デンシノオト   Dec 16,2015 UP

 なんと端正なアンビエント/エレクトロニック・ミュージックだろうか。まるで工芸品のように磨き上げられた音たち。とはいえ単に美しいだけではない。どこか深い影の存在も感じる。この「影」の正体はなんだろう? と思いながら、1937年に岩手県で生まれ、2001年に亡くなった洋画家・松田松雄の作品を用いたアートワークに目を向けると、このカナダ人の電子音楽家の作品と日本が時空を超えて不意に繋がるような感覚を覚えてしまった。そう、本作はカナダ・モントリオールを拠点に活動するマイケル・シルヴァーによるプロジェクト、CFCFの2015年作品である。リリースは〈ドリフトレス・レコーディング〉。

 CFCFは00年代末期より『コンティネント』(2009)や『アウトサイド』(2013)など、チル・ウェイヴ以降ともいえるエレクトロニック・ミュージックをリリースしてきたわけだが、本年2015年にリリースした『ラディアンス・アンド・サブミッション』と『ジ・カラーズ・オブ・ライフ』(リリースは〈1080p〉)においては、精密で繊細でロマンティックなアンビエント/エレクトロニック・ミュージックを展開している。近年の潮流ともいえるニューエイジ的ともいえるが、そのようなアンビエント感は彼の作風に内包されていたものだから、いわゆる売れ線狙いの不自然さは微塵もない(そもそも『ジ・カラーズ・オブ・ライフ』は2011年に録音されていたものだという)。いわば「箱庭的」な音楽への希求とでもいおうか。ちなみに両作とも日本のみでCD化される。まさに快挙。

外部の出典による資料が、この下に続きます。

Lemma weight_relint_gt1 x : rel x -> (1 < w x)%N.
Proof.
case: tau_ram => _ [_ [x0 [r0 w0]]] rx.
by rewrite (w_weight.2 tau tau_cone x x0).
Qed.

Lemma weight_relint_const x y : rel x -> rel y -> w x = w y.
Proof.
by move=> rx ry; apply: (w_weight.2 tau tau_cone).
Qed.

Lemma cut_weight_lift_false x :
  cut_weight (lift false x) = if `[< rel x >] then 1%N else w x.
Proof. by rewrite /cut_weight cut_proj_lift; case: asboolP. Qed.

Lemma cut_weight_lift_true x : rel x -> cut_weight (lift true x) = (w x).-1.
Proof.
by move=> rx; rewrite /cut_weight cut_proj_lift asboolT // cut_sheet_lift.
Qed.

Lemma minimal_cone_cut_lift b s : cones s ->
  minimal_cone (lift b @` s : set D') <-> minimal_cone s.
Proof.
move=> cs; split.
  move=> [_ h]; split => // G [_ [cG hG]].
  have c1 : cut_cones (lift b @` s) by exists s, b.
  have c2 : cut_cones (lift b @` G) by exists G, b.
  have := h (lift b @` G) (conj c1 (conj c2 (cone_face_cut_lift tau b cs hG))).
  by move=> e; rewrite -(cut_proj_image_lift tau b G) e cut_proj_image_lift.
move=> [_ h]; split; first by exists s, b.
move=> F [_ [_ hF]]; have [G hG ->] := cone_face_cut_liftP cs hF.
by have [cG _] := cc_face cs hG; rewrite (h G (conj cs (conj cG hG))).
Qed.

Lemma cut_connected : cc_connected D'.
Proof.
have [L [mL uL]] := branched_cover_source_connected f_cover.
have cL : cones L by case: mL.
have Lnt : L <> tau by case: tau_ram => _ [nmin _] eL; apply: nmin; rewrite -eL.
exists (lift false @` L); split; first exact/(minimal_cone_cut_lift false cL).
move=> Y hY; have [[s [b [cs eY]]] _] := hY; rewrite eY in hY *.
have ms := (minimal_cone_cut_lift b cs).1 hY.
by rewrite -(uL s ms); apply: (cut_lift_image_other tau_max).
Qed.

Lemma cut_is_weight : is_weight cut_weight.
Proof.
split.
  move=> p; rewrite /cut_weight; case: asboolP => [r|_]; last exact: w_weight.1.
  by case: (cut_sheet p) => //; rewrite -subn1 subn_gt0; apply: weight_relint_gt1.
move=> _ [s [b [cs ->]]] p q.
move=> /(relint_cut_lift b p cs) [Xp rsp] /(relint_cut_lift b q cs) [Xq rsq].
have [_ <-] := cut_lift_imageP Xp; have [_ <-] := cut_lift_imageP Xq.
have [st|snt] := pselect (s = tau).
  rewrite st in rsp rsq; case: b {Xp Xq}.
    by rewrite !cut_weight_lift_true // (weight_relint_const rsp rsq).
  by rewrite !cut_weight_lift_false !asboolT.
have nr r : relint s (cc_M D s) r -> ~ rel r.
  by move=> rs rr; apply/snt/(cc_relint_unique cs rs tau_cone rr).
have [np nq] := (nr _ rsp, nr _ rsq).
by rewrite /cut_weight !cut_proj_lift !asboolF //; apply: (w_weight.2 s cs).
Qed.

Lemma restr_cut_map (X : set D') (s : set D) (u : S -> RR) : proj @` X `<=` s ->
  restr X (restr s (u \o f) \o proj) = restr X (u \o cut_map).
Proof.
move=> Xs; apply/funext => p.
have [Xp|nXp] := pselect (X p); last by rewrite !restr_notin.
by rewrite !restr_in //= restr_in //; apply: Xs; exists p.
Qed.

Lemma cut_map_morphism : is_morphism cut_map.
Proof.
have [f_cont f_cones] := branched_cover_morphism f_cover.
split; first by move=> p; apply/continuous_comp/f_cont; exact: continuous_cut_proj.
move=> _ [s [b [cs ->]]]; have [t [ct [img Mt]]] := f_cones s cs.
exists t; split => //; split.
  by move=> _ [p /cut_lift_imageP [sp _] <-]; apply: img; exists (proj p).
move=> u Mu; rewrite /= cut_M_lift; exists (restr s (u \o f)); first exact: Mt.
by apply: restr_cut_map; rewrite cut_proj_image_lift.
Qed.

Lemma cut_map_cone_iso X : cc_cones D' X -> exists t, cc_cones S t /\
  cut_map @` crelint X `<=` crelint t /\ cut_map @` X = t /\
  (forall p q, X p -> X q -> cut_map p = cut_map q -> p = q) /\
  [set restr X (u \o cut_map) | u in cc_M S t] = cc_M D' X.
Proof.
move=> [s [b [cs ->]]].
have [t [ct [ri [img [inj Meq]]]]] := branched_cover_cone_iso f_cover cs.
exists t; split => //; split.
  by move=> _ [p /(relint_cut_lift b p cs) [_ rs] <-]; apply: ri; exists (proj p).
split.
  rewrite -img; apply/seteqP; split => y [x].
    by move=> /cut_lift_imageP [sx _] <-; exists (proj x).
  by move=> sx <-; exists (lift b x); [exists x|rewrite /cut_map cut_proj_lift].
split.
  move=> p q /cut_lift_imageP [sp ep] /cut_lift_imageP [sq eq] e.
  by rewrite -ep -eq (inj _ _ sp sq e).
rewrite /= cut_M_lift -Meq; apply/seteqP; split => v.
  move=> [u Mu <-]; exists (restr s (u \o f)); first by exists u.
  by apply: restr_cut_map; rewrite cut_proj_image_lift.
move=> [_ [u Mu <-] <-]; exists u => //.
by rewrite restr_cut_map // cut_proj_image_lift.
Qed.

Lemma cut_proj_preimage (Z : set D) :
  proj @^-1` Z = lift false @` Z `|` lift true @` (Z `&` rel).
Proof.
apply/seteqP; split => p /=.
  move=> Zp; rewrite -(cut_lift_sheet p); case e: (cut_sheet p).
    right; exists (proj p) => //; split => //.
    by case: p e Zp => // s _ _; apply: set_valP.
  by left; exists (proj p).
by case=> -[z Zz <-]; rewrite /preimage /= ?cut_proj_lift //; case: Zz.
Qed.

Lemma fsbig_cut_preimage (Z : set D) (phi : D' -> nat) : finite_set Z ->
  \sum_(p \in proj @^-1` Z) phi p =
  \sum_(z \in Z) phi (lift false z) + \sum_(z \in Z `&` rel) phi (lift true z).
Proof.
move=> fZ; rewrite cut_proj_preimage fsbigU0.
- by rewrite !fsbig_image // => x y _ _; apply: cut_lift_inj.
- exact: finite_image.
- by apply/finite_image/(sub_finite_set _ fZ) => z [].
- by move=> _ [[z Zz <-] [z' [_ rz'] /cut_lift_eq [_ [//|/(_ rz')]]]].
Qed.

Lemma fsbig_cut_weight (Z : set D) : finite_set Z ->
  \sum_(p \in proj @^-1` Z) cut_weight p = \sum_(z \in Z) w z.
Proof.
move=> fZ; rewrite fsbig_cut_preimage // (fsbigID rel Z) // [RHS](fsbigID rel Z) //.
have fZr : finite_set (Z `&` rel) by apply: sub_finite_set fZ => z [].
rewrite addrAC -fsbig_split //; congr (_ + _); apply: eq_fsbigr => z /set_mem [_ rz].
  rewrite cut_weight_lift_false cut_weight_lift_true // asboolT //.
  by rewrite -[w z in RHS](ltn_predK (weight_relint_gt1 rz)).
by rewrite cut_weight_lift_false asboolF.
Qed.

Lemma cut_map_degree z : trace cut_map cut_weight setT z = trace f w setT z.
Proof.
rewrite /trace !setTI.
exact: (fsbig_cut_weight (branched_cover_finite_fibre f_cover z)).
Qed.

Lemma cut_proj_morphism : is_morphism (proj : D' -> D).
Proof.
split; first exact: continuous_cut_proj.
move=> _ [s [b [cs ->]]]; exists s; split => //.
split; first by rewrite cut_proj_image_lift.
by move=> u Mu; rewrite /= cut_M_lift; exists u.
Qed.

Lemma cut_cover_ge : cover_ge cut_weight w cut_map f.
Proof.
exists proj; split; first exact: cut_proj_morphism.
by split => // x; rewrite /trace setTI fsbig_cut_weight ?fsbig_set1 ?finite_set1.
Qed.

(* Over [f x0], with [x0] in the relative interior of [tau], the cut cover
   has the points of the fibre of [f] plus their second copies. *)
Lemma cut_cover_not_iso : ~ cover_iso cut_weight w cut_map f.
Proof.
move=> [g [[_ [h [_ [hg gh]]]] [fg _]]].
have [_ [_ [x0 [r0 _]]]] := tau_ram.
set Z := f @^-1` [set f x0].
have fZ : finite_set Z := branched_cover_finite_fibre f_cover (f x0).
have gZ : g @` (proj @^-1` Z) = Z.
  apply/seteqP; split => z; first by move=> [p Zp <-]; rewrite /Z /= -fg.
  by move=> Zz; exists (h z); rewrite // /Z /preimage /= -[f _]/(cut_map _) fg gh.
have : \sum_(z \in Z) 1%N = \sum_(p \in proj @^-1` Z) 1%N.
  by rewrite -{1}gZ fsbig_image // => p q _ _ /(can_inj hg).
have fZr : finite_set (Z `&` rel) by apply: sub_finite_set fZ => z [].
rewrite fsbig_cut_preimage // (fsbigD1 x0 _ _ fZr) // => /eqP.
by rewrite -[X in X == _]addn0 eqn_add2l.
Qed.

Section Components.
Variables (U : set S) (y : D').
Hypothesis Uy : (cut_map @^-1` U) y.

Local Notation C := (connected_component (f @^-1` U) (proj y)).
Local Notation C' := (connected_component (cut_map @^-1` U) y).

Let C'y : C' y := connected_component_refl Uy.
Let Cy : C (proj y) := connected_component_refl (Uy : (f @^-1` U) (proj y)).

Lemma cut_component_proj_sub : proj @` C' `<=` C.
Proof.
apply: connected_component_max; first by exists y.
  by move=> _ [p /connected_component_sub Up <-].
apply: connected_continuous_connected; first exact: component_connected.
exact/continuous_subspaceT/continuous_cut_proj.
Qed.

Lemma cut_component_lift_sub b : lift b @` C `<=` cut_map @^-1` U.
Proof.
move=> _ [c /connected_component_sub Uc <-].
by rewrite /preimage /= /cut_map cut_proj_lift.
Qed.

Lemma connected_cut_lift_component b : connected (lift b @` C).
Proof.
apply: connected_continuous_connected; first exact: component_connected.
exact/continuous_subspaceT/continuous_cut_lift.
Qed.

(* If the component [C] leaves the relative interior of [tau], the two lifts
   of [C] meet there and the component upstairs is all of [proj^-1 C]. *)
Lemma cut_component_full : (exists2 c, C c & ~ rel c) -> C' = proj @^-1` C.
Proof.
move=> [c0 Cc0 nc0]; apply/seteqP; split => p.
  by move=> C'p; apply: cut_component_proj_sub; exists p.
have sub : proj @^-1` C `<=` lift false @` C `|` lift true @` C.
  move=> q Cq; rewrite -(cut_lift_sheet q).
  by case: (cut_sheet q); [right|left]; exists (proj q).
move=> Cp.
apply: (connected_component_max (B := lift false @` C `|` lift true @` C)).
- by apply: sub; rewrite /preimage /= -(cut_lift_sheet y) cut_proj_lift.
- by move=> q [] /cut_component_lift_sub.
- apply: connectedU; try exact: connected_cut_lift_component.
  by exists (lift false c0); split; exists c0; rewrite // !cut_lift_notin.
- exact: sub.
Qed.
(* Let $d\ge2$ and let $G$ be a DAG or MAG on $\{Y,X_1,\dots,X_d\}$ whose skeleton is the cycle $Y - X_d - X_{d-1} - \cdots - X_1 - Y$, with arbitrary (admissible) edge orientations. Then $N_G=(d^2+d+2)/2$.
   Context: For $A\subseteq\{1,\dots,d\}$, $\mathbf{X}_A:=\{X_i:i\in A\}$. $\perp_G$ is d-separation (m-separation for a MAG). For $S',S''\subseteq\{1,\dots,d\}$, $S'\sim_G S''$ iff there exists $S_\cap\subseteq S'\cap S''$ with $Y\perp_G\mathbf{X}_{(S'\cup S'')\setminus S_\cap}\mid\mathbf{X}_{S_\cap}$ (separation from the empty set holds trivially); this is an equivalence relation, and $N_G$ denotes the number of its equivalence classes on the power set of $\{1,\dots,d\}$. *)

From mathcomp Require Import all_boot.
From mathcomp Require Import boolp.
Set Implicit Arguments. Unset Strict Implicit. Unset Printing Implicit Defensive.

(* Mixed graphs (Richardson--Spirtes ancestral-graph setting) on a finite
   vertex type: directed edges u -> v (dir u v), bidirected u <-> v (bi),
   undirected u - v (und). *)
Record mgraph (V : finType) := MGraph {
  dir : rel V; bi : rel V; und : rel V }.

Section MGraph.
Variables (V : finType) (g : mgraph V).

Definition simple_mgraph : Prop :=
  (forall u v, bi g u v = bi g v u) /\ (forall u v, und g u v = und g v u) /\
  (forall u, ~~ dir g u u && ~~ bi g u u && ~~ und g u u) /\
  (forall u v, u != v -> (dir g u v + dir g v u + bi g u v + und g u v <= 1)%N).

Definition adj (u v : V) : bool := [|| dir g u v, dir g v u, bi g u v | und g u v].

Definition arrowhead (u v : V) : bool := dir g u v || bi g u v.

Definition anc (u v : V) : bool := connect (dir g) u v.

Definition anc_set (Z : {set V}) (v : V) : bool := [exists z in Z, anc v z].

Definition mconnected (x y : V) (Z : {set V}) : Prop :=
  exists p : seq V,
    [/\ path adj x p, uniq (x :: p), last x p = y, x != y &
     forall i, (0 < i < size p)%N ->
       let s := x :: p in
       let a := nth x s i.-1 in let b := nth x s i in let c := nth x s i.+1 in
       if arrowhead a b && arrowhead c b then anc_set Z b else b \notin Z].

Definition msep (A B Z : {set V}) : Prop :=
  forall x y, x \in A -> y \in B -> ~ mconnected x y Z.

Definition is_DAG : Prop :=
  [/\ simple_mgraph, (forall u v, bi g u v = false), (forall u v, und g u v = false) &
      forall u v, dir g u v -> ~~ anc v u].

Definition ancestral : Prop :=
  [/\ forall u v, dir g u v -> ~~ anc v u,
      forall u v, bi g u v -> ~~ anc u v &
      forall u v, und g u v -> forall w, ~~ dir g w u && ~~ bi g w u].

Definition maximal : Prop :=
  forall u v, u != v -> ~~ adj u v ->
    exists Z : {set V}, [/\ u \notin Z, v \notin Z & msep [set u] [set v] Z].

Definition is_MAG : Prop := [/\ simple_mgraph, ancestral & maximal].

End MGraph.

(* Vertices: 'I_d.+1, with ord0 = Y and i = X_i (1 <= i <= d). *)
Definition cycle_adj (d : nat) (u v : 'I_d.+1) : bool :=
  [|| (u.+1 == v :> nat), (v.+1 == u :> nat),
      ((u == 0 :> nat) && (v == d :> nat)) | ((v == 0 :> nat) && (u == d :> nat))].

(* subsets of {1,...,d}, i.e. sets of X-vertices *)
Definition Xsubsets (d : nat) : {set {set 'I_d.+1}} :=
  [set S : {set 'I_d.+1} | ord0 \notin S].

Definition simG (d : nat) (g : mgraph 'I_d.+1) (S1 S2 : {set 'I_d.+1}) : Prop :=
  exists Sc : {set 'I_d.+1}, Sc \subset S1 :&: S2 /\
    msep g [set ord0] ((S1 :|: S2) :\: Sc) Sc.

Definition N_G (d : nat) (g : mgraph 'I_d.+1) : nat :=
  #|[set [set T in Xsubsets d | `[< simG g S T >] ] | S in Xsubsets d]|.

From mathcomp Require Import all_boot boolp zify.
Set Implicit Arguments. Unset Strict Implicit. Unset Printing Implicit Defensive.

(* A simple path from Y to a vertex a goes around the cycle, either upwards
   (Y, 1, 2, ..., a) or downwards (Y, d, d-1, ..., a).  Each inner vertex v of
   such a path is entered and left through its two cycle-neighbours, so it is a
   collider on the path iff [collider v] holds, and a collider has no
   descendant but itself.  Hence v blocks the path given Z iff v is in
   [blockers Z] (colliders outside Z, non-colliders in Z), and Y is m-connected
   to a given Z iff a is not strictly between two blockers ([mconnected_iff]).

   It follows that S ~ T iff [core S = core T], where [core S] keeps the
   elements of S not enclosed by blockers of S ([simG_core]).  So N_G is the
   number of possible cores; [blockers] maps them bijectively onto the subsets
   D of {1..d} that agree with [collider] strictly between any two of their
   elements, and such a D is empty or fixed by its min and max
   ([card_coherent_sets]).  This gives N_G = 1 + d(d+1)/2. *)

Lemma lt0_ord n (v : 'I_n.+1) : (0 < v) = (v != ord0).
Proof. by rewrite lt0n -val_eqE. Qed.

Lemma forced_path (T : eqType) (e : rel T) (f : nat -> T) (x : T) (p : seq T) :
  (forall i y, 0 < i < size p -> e (f i) y ->
     (exists2 j, j < i & y = f j) \/ y = f i.+1) ->
  path e x p -> uniq (x :: p) -> x = f 0 -> nth x p 0 = f 1 ->
  forall i, i <= size p -> nth x (x :: p) i = f i.
Proof.
move=> forced /(pathP x) e_p uniq_p x_f0 p0_f1.
suff follow n : n <= size p -> forall i, i <= n -> nth x (x :: p) i = f i.
  by move=> i le_i; exact: follow le_i i (leqnn i).
elim: n => [_ [|] // | n IH le_n i]; rewrite leq_eqVlt ltnS => /orP[/eqP-> | le_in].
  2: exact: IH (ltnW le_n) i le_in.
case: n IH le_n => [|n] IH le_n; first exact: p0_f1.
have fn1 : nth x (x :: p) n.+1 = f n.+1 by apply: IH => //; lia.
have e_step : e (f n.+1) (nth x p n.+1) by rewrite -fn1; exact: e_p.
have [[j lt_j fj] | //] := forced n.+1 _ le_n e_step.
(* otherwise the vertex at position n.+2 repeats the one at position j *)
have := IH (ltnW le_n) j (ltnW lt_j); rewrite -fj -[nth x p _]/(nth x (x :: p) n.+2).
by move/eqP; rewrite nth_uniq //=; lia.
Qed.

Section Between.
Variable n : nat.
Implicit Types (D : {set 'I_n}) (x : 'I_n).

Definition has_below D x := [exists u in D, u < x].
Definition has_above D x := [exists u in D, x < u].
Definition between D x := has_below D x && has_above D x.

 1曲め“イン・プレイズ・オブ・シャドウズ”は本作を象徴するようなトラックである。朝霧のような電子音と柔らかなギターに、フィールド・レコーディングされた雑踏の声などが繊細にレイヤーされていく。つづく2曲め“スカルプチャー・オブ・サンド”ではダークなサウンドとクラシカルな旋律が反復し、本作特有の「影」を際立たせていく。4曲め“テザード・イン・ダーク”では森の中を彷徨うかのようなアコースティックギターの音色/旋律と、透明な音の群れのような電子ノイズの運動が耳をくすぐる。深い鼓動のようなキックや木の粒のようなパーカッシヴなサウンドもたまらない。5曲め(アナログ盤ではB面1曲め)“ザ・ルーインド・マップ”と、8曲め(アナログ盤ではB面3曲め)“ラ・スフリエール”は、ヴォーカル・トラックである。澄んだ歌声とギターと絹のような電子音が空気のように交錯する美しい曲。ラスト曲“トゥー・ミラーズ”では、波打ち際のように反復するギターと、星空のような電子音が耳を洗ってくれる。アルバム全編、ギター、ピアノ、マリンバ、電子音などが細やかに繊細に配置され、まるで手入れの行き届いた庭園のミニチュアールのようなサウンドに仕上がっている。
 たとえるならば、坂本龍一の名作『音楽図鑑』を受け継ぐかのような80年代ポストモダン的な音楽とでもいうべきか。もしくはアンビエント以降の80年代のブライアン・イーノ諸作品のようなアート/ポップ・ミュージックの領域を越境するような感覚とでもいうべきか(3曲め“ア・ヴァリエーションズ・ランゲージ (フロム・ザ・セイム・ヒル)”は、イーノ『ミュージック・フォー・フィルムズ』収録曲のカバーだ)。いや、むしろエレクトロニクス化したザ・ドゥルッティ・コラムとでも形容した方がしっくりくるだろうか。というほどに、本作にはある種の「ロマンティックさ」があるのだ。

 マイケル・シルヴァーの世代にとって80年代とは、「あらかじめ失われた時代へのロマン」ではないかとも思う。と同時に私などは、その「80年代」に、どこか「日本(の戦後)の影」がちらつくのである(ここからOPNからジム・オルーク論、セゾンカルチャー論へと強引に展開も可能だろう)。そう思うと『ラディアンス・アンド・サブミッション』という名前のアルバムにアートワークに日本の洋画家・松田松雄の作品を用いている点は(たまたま見つけというが)、やはりとても重要なことに思えてくる。石のような庭園で、石のように凍結した人物たち。戦後。80年代。日本。ポストモダン。

 もちろん、そんな妄想的な議論に性急に結びつける必要はまったくない。なにより本作は美しいシンセサイザー・ミュージック/アンビエントミュージックなのである。未聴の方は『ジ・カラーズ・オブ・ライフ』とともに、とにかく聴いてほしい。洗練されたメロディとサウンドが耳と心に、まるで水のように浸透するはずだ。